There is no question that the source of the outage can be traced back to actions taken by AWS, but the fact that S3 went down does not in itself explain why the damage rippled across the Internet. While many companies who relied on the US-EAST-1 Region’s services took a hard hit during the outage, other companies were partly or wholly unaffected. Why is that? There are a few factors that came into play.

Hidden Dependencies

S3 is a straightforward tool that has become a fundamental component in most cloud-based systems. Because of its wide use, numerous other, often complex, services are built on top of it, which compounds the effect when S3 goes down. The level of direct or indirect dependence a site or service maintains on S3 would have potentially been a factor for loss of site functionality.

Network performance monitoring company Thousand Eyes outlined three ways that a business’s S3 dependencies would have potentially faltered during the outage:

A company whose static webpage was directly and solely hosted on the affected S3 servers would have experienced a total loss of use. Lululemon Athletica Inc. was among the unfortunate companies in this category.
Partial loss of use would have occurred if some of the elements on the page depended on S3, or on other services that transitively depended on S3. An example of this was Slack, which was mostly functional, but left users unable to upload files.
Critical services of the application may have depended on the S3 or other AWS services that were affected, causing a partial or complete loss of use. One of the crafters at 8th Light detailed his use of an AWS Lambda function that plugged into a web application firewall to rate limit malicious users, but which was rendered unusable during the outage, since the function required writing to S3. His advice: “Be aware of the dependencies of your dependencies.”

In a classic bit of irony, AWS was unable to update their status dashboard during the affair, as it also relied on S3 for graphic storage, which meant that downed services were showing up as healthy during the outage because the correct graphic could not be rendered to show otherwise. Talk about a hidden dependency!

The takeaway here is knowing where the risks lie, and purposely planning for them. It may be helpful to think of any remote dependency as a potential point of failure, but specifically in the AWS case, a basic analysis of your remote dependencies could reveal opportunities for reducing the need for such a dependency in the first place.

Basket of Eggs

AWS operates in 16 different geographic regions across the world. In the U.S., there are four regions—Northern Virginia, Ohio, Oregon, and Northern California—with the remaining zones distributed across Europe, Asia, South America, and Australia.
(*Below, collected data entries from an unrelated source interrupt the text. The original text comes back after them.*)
(** Two distinct points whose segment lies on the boundary of an open convex
    set containing [0] are linearly independent: otherwise either they lie
    on one ray from [0], which meets the boundary once, or [0] lies on the
    segment. *)
Lemma boundary_segment_independent K P Q : is_open K -> is_convex K -> K porig -> P <> Q ->
  (forall x, segment P Q x -> boundary K x) -> det2 P Q <> 0.
Proof.
  intros Kopen Kconv K0 hPQ hseg HD.
  assert (segP : segment P Q P) by (exists 0; split; [lra|destruct P, Q; peq]).
  assert (segQ : segment P Q Q) by (exists 1; split; [lra|destruct P, Q; peq]).
  assert (HP0 : P <> porig) by (intro E; apply (proj2 (hseg P segP)); rewrite E; auto).
  destruct (det2_zero_proportional P Q HD HP0) as [l Hl].
  destruct (Rlt_dec 0 l) as [hl|hl].
  - assert (l = 1) by (apply (ray_meets_boundary_once K Kopen Kconv Q P l); auto).
    apply hPQ. rewrite Hl, H. destruct P; peq.
  - assert (segment P Q porig).
    { exists (/ (1 - l)). split.
      - split; [apply Rlt_le, Rinv_0_lt_compat; lra|].
        rewrite <- Rinv_1. apply Rinv_le_contravar; lra.
      - rewrite Hl. destruct P; peq; lra. }
    apply (proj2 (hseg _ H)). auto.
Qed.

(** When [P] and [Q] are independent, [Xc] and [Yc] are the coordinates in
    which [P = (1, -1)] and [Q = (1, 1)]; [coord_inv] is the inverse map. *)
Section AdaptedCoordinates.
Variables P Q : pt.
Hypothesis hD : det2 P Q <> 0.

Local Notation p1 := (fst P).
Local Notation p2 := (snd P).
Local Notation q1 := (fst Q).
Local Notation q2 := (snd Q).
Local Notation D := (det2 P Q).

Definition coord_map : pt -> pt :=
  lin ((q2 - p2) / D) ((p1 - q1) / D) ((- p2 - q2) / D) ((p1 + q1) / D).
Definition coord_inv : pt -> pt :=
  lin ((p1 + q1) / 2) ((q1 - p1) / 2) ((p2 + q2) / 2) ((q2 - p2) / 2).
Definition Xc (x : pt) : R := fst (coord_map x).
Definition Yc (x : pt) : R := snd (coord_map x).

Lemma coord_map_eq x : coord_map x = (Xc x, Yc x).
Proof. unfold Xc, Yc. destruct (coord_map x); reflexivity. Qed.

Lemma coord_map_det :
  (q2 - p2) / D * ((p1 + q1) / D) - (p1 - q1) / D * ((- p2 - q2) / D) = 2 / D.
Proof. unfold det2. field. exact hD. Qed.

Lemma coord_inv_det :
  (p1 + q1) / 2 * ((q2 - p2) / 2) - (q1 - p1) / 2 * ((p2 + q2) / 2) = D / 2.
Proof. unfold det2. field. Qed.

Ltac crd := unfold Xc, Yc, coord_map, coord_inv, lin, padd, pscal, popp, porig;
  simpl; unfold det2 in *; field; exact hD.

Lemma Xc_add a b : Xc (padd a b) = Xc a + Xc b. Proof. crd. Qed.
Lemma Yc_add a b : Yc (padd a b) = Yc a + Yc b. Proof. crd. Qed.
Lemma Xc_scal k a : Xc (pscal k a) = k * Xc a. Proof. crd. Qed.
Lemma Yc_scal k a : Yc (pscal k a) = k * Yc a. Proof. crd. Qed.
Lemma Xc_opp a : Xc (popp a) = - Xc a. Proof. crd. Qed.
Lemma Yc_opp a : Yc (popp a) = - Yc a. Proof. crd. Qed.
Lemma Xc_P : Xc P = 1. Proof. crd. Qed.
Lemma Yc_P : Yc P = -1. Proof. crd. Qed.
Lemma Xc_Q : Xc Q = 1. Proof. crd. Qed.
Lemma Yc_Q : Yc Q = 1. Proof. crd. Qed.
Lemma Xc_0 : Xc porig = 0. Proof. crd. Qed.
Lemma Yc_0 : Yc porig = 0. Proof. crd. Qed.
Lemma Xc_inv r : Xc (coord_inv r) = fst r. Proof. crd. Qed.
Lemma Yc_inv r : Yc (coord_inv r) = snd r. Proof. crd. Qed.

Lemma coord_inv_map x : coord_inv (Xc x, Yc x) = x.
Proof. destruct x as [x1 x2]. unfold Xc, Yc, coord_map, coord_inv, lin; simpl. f_equal; crd. Qed.

Lemma coords_inj x y : Xc x = Xc y -> Yc x = Yc y -> x = y.
Proof. intros H1 H2. rewrite <- (coord_inv_map x), <- (coord_inv_map y), H1, H2. auto. Qed.

End AdaptedCoordinates.

Ltac coords hD := repeat progress rewrite ?Xc_add, ?Yc_add, ?Xc_scal, ?Yc_scal, ?Xc_opp,
  ?Yc_opp, ?Xc_P, ?Yc_P, ?Xc_Q, ?Yc_Q, ?Xc_0, ?Yc_0, ?Xc_inv, ?Yc_inv by exact hD.

Section Parallelogram.
Variables P Q : pt.
Hypothesis hD : det2 P Q <> 0.

Local Notation X := (Xc P Q).
Local Notation Y := (Yc P Q).
Local Notation T := (open_hull4 P Q (popp P) (popp Q)).

Lemma T_char x : T x <-> Rabs (X x) < 1 /\ Rabs (Y x) < 1.
Proof.
  split.
  - intros [l1 [l2 [l3 [l4 [H1 [H2 [H3 [H4 [Hs ->]]]]]]]]]. coords hD.
    split; apply Rabs_def1; lra.
  - intros [hX hY]. apply Rabs_def2 in hX, hY.
    (* a positive combination with X = l1 + l2 - l3 - l4, Y = l2 + l3 - l1 - l4 *)
    set (m := (Rmax 0 ((X x - Y x) / 2) + Rmin ((1 + X x) / 2) ((1 - Y x) / 2)) / 2).
    assert (Hm : 0 < m /\ (X x - Y x) / 2 < m /\ m < (1 + X x) / 2 /\ m < (1 - Y x) / 2).
    { unfold m, Rmax, Rmin. do 2 destruct Rle_dec; lra. }
    exists m, ((1 + X x) / 2 - m), ((Y x - X x) / 2 + m), ((1 - Y x) / 2 - m).
    repeat split; try lra.
    apply (coords_inj P Q hD); coords hD; field.
Qed.

Lemma coords_lipschitz : exists k, 0 < k /\
  forall u, Rabs (X u) <= k * pnorm u /\ Rabs (Y u) <= k * pnorm u.
Proof.
  set (a := (snd Q - snd P) / det2 P Q). set (b := (fst P - fst Q) / det2 P Q).
  set (c := (- snd P - snd Q) / det2 P Q). set (d := (fst P + fst Q) / det2 P Q).
  exists (Rabs a + Rabs b + Rabs c + Rabs d + 1).
  specialize (Rabs_pos a). specialize (Rabs_pos b). specialize (Rabs_pos c).
  specialize (Rabs_pos d). intros. split; [lra|]. intros [u1 u2].
  destruct (pnorm_ge_abs u1 u2) as [B1 B2].
  assert (0 <= pnorm (u1, u2)) by apply sqrt_pos.
  replace (X (u1, u2)) with (u1 * a + u2 * b) by (unfold Xc, coord_map, lin; simpl; fold a b; ring).
  replace (Y (u1, u2)) with (u1 * c + u2 * d) by (unfold Yc, coord_map, lin; simpl; fold c d; ring).
  split; eapply Rle_trans; try apply Rabs_triang; rewrite !Rabs_mult; nra.
Qed.

Lemma T_open : is_open T.
Proof.
  intros x Hx. apply T_char in Hx. destruct Hx as [hX hY].
  destruct coords_lipschitz as [k [Hk Hlip]].
  set (r := Rmin (1 - Rabs (X x)) (1 - Rabs (Y x))).
  assert (Hr : 0 < r) by (unfold r, Rmin; destruct Rle_dec; lra).
  assert (Hr1 : r <= 1 - Rabs (X x)) by apply Rmin_l.
  assert (Hr2 : r <= 1 - Rabs (Y x)) by apply Rmin_r.
  exists (r / k). split; [apply Rdiv_lt_0_compat; lra|]. intros q Hq. apply T_char.
  replace q with (padd x (padd q (popp x))) by (destruct q, x; peq).
  destruct (Hlip (padd q (popp x))) as [B1 B2]. fold (pdist q x) in B1, B2.
  assert (k * pdist q x < r).
  { apply Rmult_lt_compat_l with (r := k) in Hq; auto.
    replace (k * (r / k)) with r in Hq by (field; lra). exact Hq. }
  rewrite Xc_add, Yc_add by exact hD. split; eapply Rle_lt_trans; try apply Rabs_triang; lra.
Qed.

Lemma T_conv : is_convex T.
Proof.
  intros a b t Ha Hb Ht. apply T_char in Ha, Hb. apply T_char. coords hD.
  destruct Ha as [a1 a2], Hb as [b1 b2].
  split; eapply Rle_lt_trans; try apply Rabs_triang;
    rewrite !Rabs_mult, (Rabs_right t), (Rabs_right (1 - t)) by lra;
    destruct (Req_dec t 0); try (subst; lra); nra.
Qed.

Lemma T_origin : T porig.
Proof. apply T_char. coords hD. rewrite Rabs_R0. lra. Qed.

Lemma side_PQ z : X z = 1 -> Rabs (Y z) <= 1 -> segment P Q z.
Proof.
  intros H1 H2. apply Rabs_le_inv in H2. exists ((1 + Y z) / 2). split; [lra|].
  apply (coords_inj P Q hD); coords hD; rewrite ?H1; field.
Qed.

Lemma side_mPmQ z : X z = -1 -> Rabs (Y z) <= 1 -> segment (popp P) (popp Q) z.
Proof.
  intros H1 H2. apply Rabs_le_inv in H2. exists ((1 - Y z) / 2). split; [lra|].
  apply (coords_inj P Q hD); coords hD; rewrite ?H1; field.
Qed.

Lemma T_boundary z : Rabs (X z) = 1 -> Rabs (Y z) < 1 -> boundary T z.
Proof.
  intros H1 H2. split.
  - intros e He. destruct (small_shift z e He) as [dl [Hdl Hs]].
    set (s := Rmin dl (1 / 2)).
    assert (Hs0 : 0 < s <= dl /\ s <= 1 / 2) by (unfold s, Rmin; destruct Rle_dec; lra).
    exists (padd z (pscal (- s) z)). split.
    + apply T_char. coords hD.
      replace (X z + - s * X z) with ((1 - s) * X z) by ring.
      replace (Y z + - s * Y z) with ((1 - s) * Y z) by ring.
      rewrite !Rabs_mult, (Rabs_right (1 - s)), H1 by lra.
      specialize (Rabs_pos (Y z)). intros. split; nra.
    + apply Hs. rewrite Rabs_Ropp, Rabs_right; lra.
  - intro HT. apply T_char in HT. lra.
Qed.
(* For a right $R$-module $M$ the following are equivalent: (a) $M$ is endoregular; (b) $M$ satisfies the $D_2$ condition and every right $R$-module belongs to $\mathfrak{F}_M$.
   Context: Modules are unitary right $R$-modules. $M$ is endoregular if $\mathrm{End}_R(M)$ is a von Neumann regular ring. A module $N$ is finitely $M$-generated if there is an epimorphism $M^{(n)}\to N$ for some integer $n>0$. $\mathfrak{F}_M$ is the class of right $R$-modules $A$ such that for every monomorphism $\alpha:N\to M$ with $N$ finitely $M$-generated and every homomorphism $\beta:N\to A$ there is $\gamma:M\to A$ with $\beta=\gamma\alpha$. A module $X$ satisfies the $D_2$ condition if for every submodule $Y\le X$ such that $X/Y$ is isomorphic to a direct summand of $X$, $Y$ is a direct summand of $X$. *)

From HB Require Import structures.
From mathcomp Require Import all_boot all_algebra.
Set Implicit Arguments. Unset Strict Implicit. Unset Printing Implicit Defensive.
Import GRing.Theory.
Local Open Scope ring_scope.

(* Right R-modules are modelled as (unitary) left modules over the converse
   ring R^c : for m : M and r : R, the right action m.r is  r *: m  with r : R^c. *)
Notation rmodType R := (lmodType (R^c)%type).

Definition is_hom (R : pzRingType) (M N : rmodType R) (f : M -> N) : Prop :=
  forall (a : R^c) (x y : M), f (a *: x + y) = a *: f x + f y.

(* M is endoregular: End_R(M) (multiplication = composition) is von Neumann
   regular, i.e. every f admits g with f g f = f. *)
Definition endoregular (R : pzRingType) (M : rmodType R) : Prop :=
  forall f : M -> M, is_hom f ->
    exists g : M -> M, is_hom g /\ (forall x, f (g (f x)) = f x).

Definition submod (R : pzRingType) (M : rmodType R) (Y : M -> Prop) : Prop :=
  Y 0 /\ (forall (a : R^c) (x y : M), Y x -> Y y -> Y (a *: x + y)).

Definition summand (R : pzRingType) (M : rmodType R) (Y : M -> Prop) : Prop :=
  submod Y /\ exists Z : M -> Prop, submod Z /\
    (forall x, Y x -> Z x -> x = 0) /\
    (forall x, exists y z, Y y /\ Z z /\ x = y + z).

(* M/Y is isomorphic to a direct summand K of M: equivalently (first
   isomorphism theorem) there is an epimorphism from M onto a direct
   summand K of M whose kernel is Y. *)
Definition quot_iso_summand (R : pzRingType) (M : rmodType R) (Y : M -> Prop) : Prop :=
  exists p : M -> M, is_hom p /\
    summand (fun x => exists m, p m = x) /\
    (forall m, p m = 0 <-> Y m).

Definition D2 (R : pzRingType) (M : rmodType R) : Prop :=
  forall Y : M -> Prop, submod Y -> quot_iso_summand Y -> summand Y.

Definition fin_gen_by (R : pzRingType) (M N : rmodType R) : Prop :=
  exists n : nat, (0 < n)%N /\
    exists f : {ffun 'I_n -> M} -> N, is_hom f /\ (forall y, exists x, f x = y).

Definition in_FM (R : pzRingType) (M A : rmodType R) : Prop :=
  forall (N : rmodType R) (alpha : N -> M) (beta : N -> A),
    fin_gen_by M N -> is_hom alpha -> injective alpha -> is_hom beta ->
    exists gamma : M -> A, is_hom gamma /\ (forall x, beta x = gamma (alpha x)).

From HB Require Import structures.
From mathcomp Require Import all_boot all_algebra.
From mathcomp Require Import boolp.
Set Implicit Arguments. Unset Strict Implicit. Unset Printing Implicit Defensive.
Import GRing.Theory.
Local Open Scope ring_scope.

(* If p g p = p, then Ker p is a direct summand with complement
   Im (g p); this gives D2 (Lemma regular_kernel_summand).  For F_M, let
   alpha : N -> M be a monomorphism with N finitely M-generated; then Im alpha
   is the sum of the images of finitely many endomorphisms h_k of M.  By
   induction on the number of h_k, regularity yields an idempotent e of M
   fixing each Im h_k with Im e inside their sum (idempotent_onto_sum), i.e.
   a retraction of M onto Im alpha, and beta o alpha^-1 o e extends beta.

   Given f, the image Im f is finitely M-generated; applying
   F_M to its inclusion and the identity gives a retraction r of M onto Im f,
   so Im f = M / Ker f is a summand and D2 makes Ker f a summand.  A complement
   of Ker f maps isomorphically onto Im f, so r lifts to g with f g = r,
   whence f g f = f. *)

Section HomTheory.
Variables (R : pzRingType) (M N : rmodType R) (f : M -> N) (hf : is_hom f).

Lemma hom0 : f 0 = 0.
Proof.
by have := hf 1 0 0; rewrite !scale1r addr0 -{1}[f 0]addr0 => /addrI.
Qed.

Lemma homD x y : f (x + y) = f x + f y.
Proof. by have := hf 1 x y; rewrite !scale1r. Qed.

Lemma homB x y : f (x - y) = f x - f y.
Proof. by rewrite -scaleN1r addrC hf scaleN1r addrC. Qed.

Lemma hom_sum n (F : 'I_n -> M) : f (\sum_(k < n) F k) = \sum_(k < n) f (F k).
Proof. exact: (big_morph f homD hom0). Qed.
End HomTheory.

Lemma hom_comp (R : pzRingType) (M N K : rmodType R) (f : N -> K) (g : M -> N) :
  is_hom f -> is_hom g -> is_hom (fun x => f (g x)).
Proof. by move=> hf hg a x y; rewrite hg hf. Qed.
(* Let $m\ge 1$ be an integer, $\Gamma_1,\Gamma_2$ co-prime integers with $1<\Gamma_1<\Gamma_2$, $m_1=m\Gamma_1$, $m_2=m\Gamma_2$, and $\sigma_1=|\Gamma_2|_{\Gamma_1}\ge 2$. Let $N$ be an integer with $0\le N< m_1\left(1+\lfloor m_2/m_1\rfloor\lfloor m_1/|m_2|_{m_1}\rfloor\right)$, with remainders $r_i=|N|_{m_i}$, and let $\tilde r_1,\tilde r_2$ be erroneous remainders whose errors $\Delta r_i=\tilde r_i-r_i$ satisfy $$-\frac{\sigma_1}{2}\le \frac{\Delta r_1-\Delta r_2}{m}<\frac{\sigma_1}{2}.$$ Let $\mathbf q_{21}=(\tilde r_1-\tilde r_2)/m$. Then: (1) if $\mathbf q_{21}\ge \sigma_1/2$, then $r_1>r_2$; (2) if $\mathbf q_{21}<-\sigma_1/2$, then $r_1<r_2$; (3) if $-\sigma_1/2\le \mathbf q_{21}<\sigma_1/2$, then $r_1=r_2$.
   Context: $|a|_b$ denotes the remainder of the integer $a$ modulo the positive integer $b$ (in $[0,b)$). Erroneous remainders are integers $\tilde r_i$ with $0\le \tilde r_i<m_i$. *)

From HB Require Import structures.
From mathcomp Require Import all_boot all_order all_algebra.
Set Implicit Arguments. Unset Strict Implicit. Unset Printing Implicit Defensive.

(* Write [N = k1 (m G1) + r1 = k2 (m G2) + r2] and [G2 = q G1 + s] with
   [s = |G2|_G1].  Then [(r1 - r2) / m = k2 s - j G1] with [j = k1 - q k2 >= 0].
   The bound on [N] forces [k1 <= q t] with [t = G1 / s], so either [j = 0] and
   the difference is the multiple [k2 s] of [s], or [j >= 1], [k2 < t] and the
   difference is at most [s - G1 <= -s].  Hence the exact normalized difference
   is [0] or has absolute value at least [s = sigma1], and an error of size less
   than [sigma1 / 2] cannot move it across the thresholds [+-sigma1 / 2]. *)
From HB Require Import structures.
From mathcomp Require Import all_boot all_order all_algebra.
From mathcomp Require Import zify ring lra.
Set Implicit Arguments. Unset Strict Implicit. Unset Printing Implicit Defensive.
Import Order.TTheory GRing.Theory Num.Theory.

Lemma remainder_gap_of_quotients (m G1 s q t k1 k2 r1 r2 : nat) :
  k1 * (m * G1) + r1 = k2 * (m * (q * G1 + s)) + r2 ->
  (q * k2 <= k1 <= q * t)%N -> (t * s <= G1)%N ->
  [\/ r1 = r2, (r2 + m * s <= r1)%N | (r1 + m * s <= r2)%N].
Proof.
move=> eqN /andP[qk2_le_k1 k1_le_qt] ts_le_G1.
have [j k1E] : exists j, k1 = q * k2 + j by exists (k1 - q * k2); lia.
subst k1; clear qk2_le_k1.
case: j eqN k1_le_qt => [|j] eqN k1_le_qt.
  have -> : r1 = r2 + m * (k2 * s) by nia.
  by case: k2 {eqN k1_le_qt} => [|k2]; [constructor 1; lia | constructor 2; nia].
constructor 3.
have k2_lt_t : (k2 < t)%N by rewrite -(@ltn_pmul2l q); lia.
have : (k2.+1 * s <= G1)%N by apply: leq_trans ts_le_G1; rewrite leq_mul2r k2_lt_t orbT.
nia.
Qed.

Lemma modn_mul_gap (m G1 G2 N : nat) :
  (N < m * G1 * (1 + (G2 %/ G1) * (G1 %/ (G2 %% G1))))%N ->
  [\/ N %% (m * G1) = N %% (m * G2),
      (N %% (m * G2) + m * (G2 %% G1) <= N %% (m * G1))%N |
      (N %% (m * G1) + m * (G2 %% G1) <= N %% (m * G2))%N].
Proof.
set q := G2 %/ G1; set s := G2 %% G1; set t := G1 %/ s => N_lt.
have mG1_gt0 : (0 < m * G1)%N by case: (m * G1) N_lt.
apply: (@remainder_gap_of_quotients m G1 s q t (N %/ (m * G1)) (N %/ (m * G2))).
- by rewrite -divn_eq -(divn_eq G2 G1) -divn_eq.
- apply/andP; split; last by rewrite -ltnS -addn1 addnC ltn_divLR // mulnC.
  rewrite leq_divRL // (leq_trans _ (leq_divM N (m * G2))) //.
  have qG1_le : (q * G1 <= G2)%N by exact: leq_divM.
  by rewrite (mulnC q) -!mulnA leq_mul2l mulnCA leq_mul2l qG1_le !orbT.
- exact: leq_divM.
Qed.

Lemma perturbed_trichotomy (R : realFieldType) (s a e : R) :
  [\/ a = 0, s <= a | a <= - s]%R -> (- (s / 2%:R) <= e < s / 2%:R)%R ->
  [/\ (s / 2%:R <= a + e -> 0 < a)%R, (a + e < - (s / 2%:R) -> a < 0)%R &
      (- (s / 2%:R) <= a + e < s / 2%:R -> a = 0)%R].
Proof.
move=> gap /andP[e_ge e_lt].
by case: gap => [->|a_ge|a_le]; split=> //; try case/andP; lra.
Qed.

Theorem lemma2 (m G1 G2 N rt1 rt2 : nat) :
  (1 <= m)%N -> coprime G1 G2 -> (1 < G1)%N -> (G1 < G2)%N ->
  (2 <= G2 %% G1)%N ->
  (N < (m * G1) * (1 + ((m * G2) %/ (m * G1)) * ((m * G1) %/ ((m * G2) %% (m * G1)))))%N ->
  (rt1 < m * G1)%N -> (rt2 < m * G2)%N ->
  let r1 := (N %% (m * G1))%N in
  let r2 := (N %% (m * G2))%N in
  let sigma1 : rat := ((G2 %% G1)%N%:R)%R in
  let dr1 : rat := (rt1%:R - r1%:R)%R in
  let dr2 : rat := (rt2%:R - r2%:R)%R in
  let q21 : rat := ((rt1%:R - rt2%:R) / m%:R)%R in
  (- (sigma1 / 2%:R) <= (dr1 - dr2) / m%:R < sigma1 / 2%:R)%R ->
  [/\ (sigma1 / 2%:R <= q21)%R -> (r1 > r2)%N,
      (q21 < - (sigma1 / 2%:R))%R -> (r1 < r2)%N &
      (- (sigma1 / 2%:R) <= q21 < sigma1 / 2%:R)%R -> r1 = r2].
Proof.
move=> m_gt0 _ _ _ _ N_lt _ _ r1 r2 sigma1 dr1 dr2 q21 err.
rewrite divnMl // -muln_modr divnMl // in N_lt.
have m_gt0R : (0 < m%:R :> rat)%R by rewrite ltr0n.
set a : rat := ((r1%:R - r2%:R) / m%:R)%R.
have -> : q21 = (a + (dr1 - dr2) / m%:R)%R.
  by rewrite /q21 /a /dr1 /dr2 -mulrDl; congr (_ / _)%R; ring.
have gap : [\/ a = 0, sigma1 <= a | a <= - sigma1]%R.
  rewrite /a /sigma1 /r1 /r2; case: (modn_mul_gap N_lt) => [-> | le_r | le_r].
  - by constructor 1; rewrite subrr mul0r.
  - constructor 2; rewrite ler_pdivlMr //.
    by move: le_r; rewrite -(ler_nat rat) natrD natrM => le_r; lra.
  - constructor 3; rewrite ler_pdivrMr //.
    by move: le_r; rewrite -(ler_nat rat) natrD natrM => le_r; lra.
have [pos neg zero] := perturbed_trichotomy gap err.
split=> [/pos | /neg | /zero]; rewrite /a.
- by rewrite pmulr_lgt0 ?invr_gt0 // subr_gt0 ltr_nat.
- by rewrite pmulr_llt0 ?invr_gt0 // subr_lt0 ltr_nat.
- by move/eqP; rewrite mulf_eq0 invr_eq0 (gt_eqF m_gt0R) orbF subr_eq0 eqr_nat => /eqP.
Qed.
When you publish a resource to one of AWS’s services, you have the option to select to which independent region it will be deployed. An obvious consideration is proximity to a region, as the closer you are physically to a resource, the quicker it will be to access it. In a perfect world, this sole strategy would be fine. In our real world, where humans and computers operate with a limited capacity for understanding each other, creating redundancy by replicating resources across regions, or even between cloud service providers, could mean the difference between business continuity and profit loss.

Concentrating all of a business’s resources in one region can spell trouble in the rare event that an outage of this scale occurs. In Tuesday’s outage, only one region was affected, but for companies whose resources were focused in that region, this was their crux.

Prepare for Chaos

I mentioned earlier that some companies were able to weather the storm and emerge relatively unscathed. That’s because companies that deploy services with the expectation that something, some day, will go wrong are able to better prepare for such storms.

While AWS was dealing with its pains, Amazon’s retail section, built with a reliance on S3, did not experience a hit during the service interruption. Of course the purveyor of AWS would take all necessary and suggested precautions in order to maintain the health of their flagship property.

Then there is the gold standard of chaos planning and prevention, Netflix. They employ a collection of in-house cloud-testing tools dubbed the “Simian Army,” which were specifically developed to simulate havoc on the system in order to catch any potential weak spots that could cause service disruptions or performance issues. By planning for a range of issues, small and large, Netflix is able to anticipate their system’s real life responses to said issues, and consequently build safeguards to keep the app running during those occurrences.

Preparations for outages should not be made with a one-size-fits-all approach. Both Amazon and Netflix maintain massive amounts of data and boast hundreds of millions of users, so not only must they take the extra precautions, their solutions will likely look a lot different than those for simpler applications. Factors such as the volume of data stored, the effort and cost of protecting against different scenarios, and loss-risk calculations should all be considered when deciding how to protect against third-party failures.

On a smaller scale, the solution may not be complete prevention, but rather graceful degradation. It could mean that certain elements of the application integral to the app’s functionality are prioritized for fault tolerance. It could mean moving assets off of the remote resource and accessing certain assets from a local disk.

The S3 outage exposed deficiencies in architecture designs across the web, and while AWS has outlined changes to prevent future damage at the scale at which this occurred, it is both important and wise to take the extra precautions to shield your business from loss when another calamity occurs. We learned last week that a typo can take down part of the Internet; better preparation can minimize the damage when it happens again.

^[1] We may be tempted to brush this incident off as a simple case of human error, but that would downplay the complexity of the situation for which one singular action was not the cause. For more perspective, check out The Field Guide to Understanding Human Error.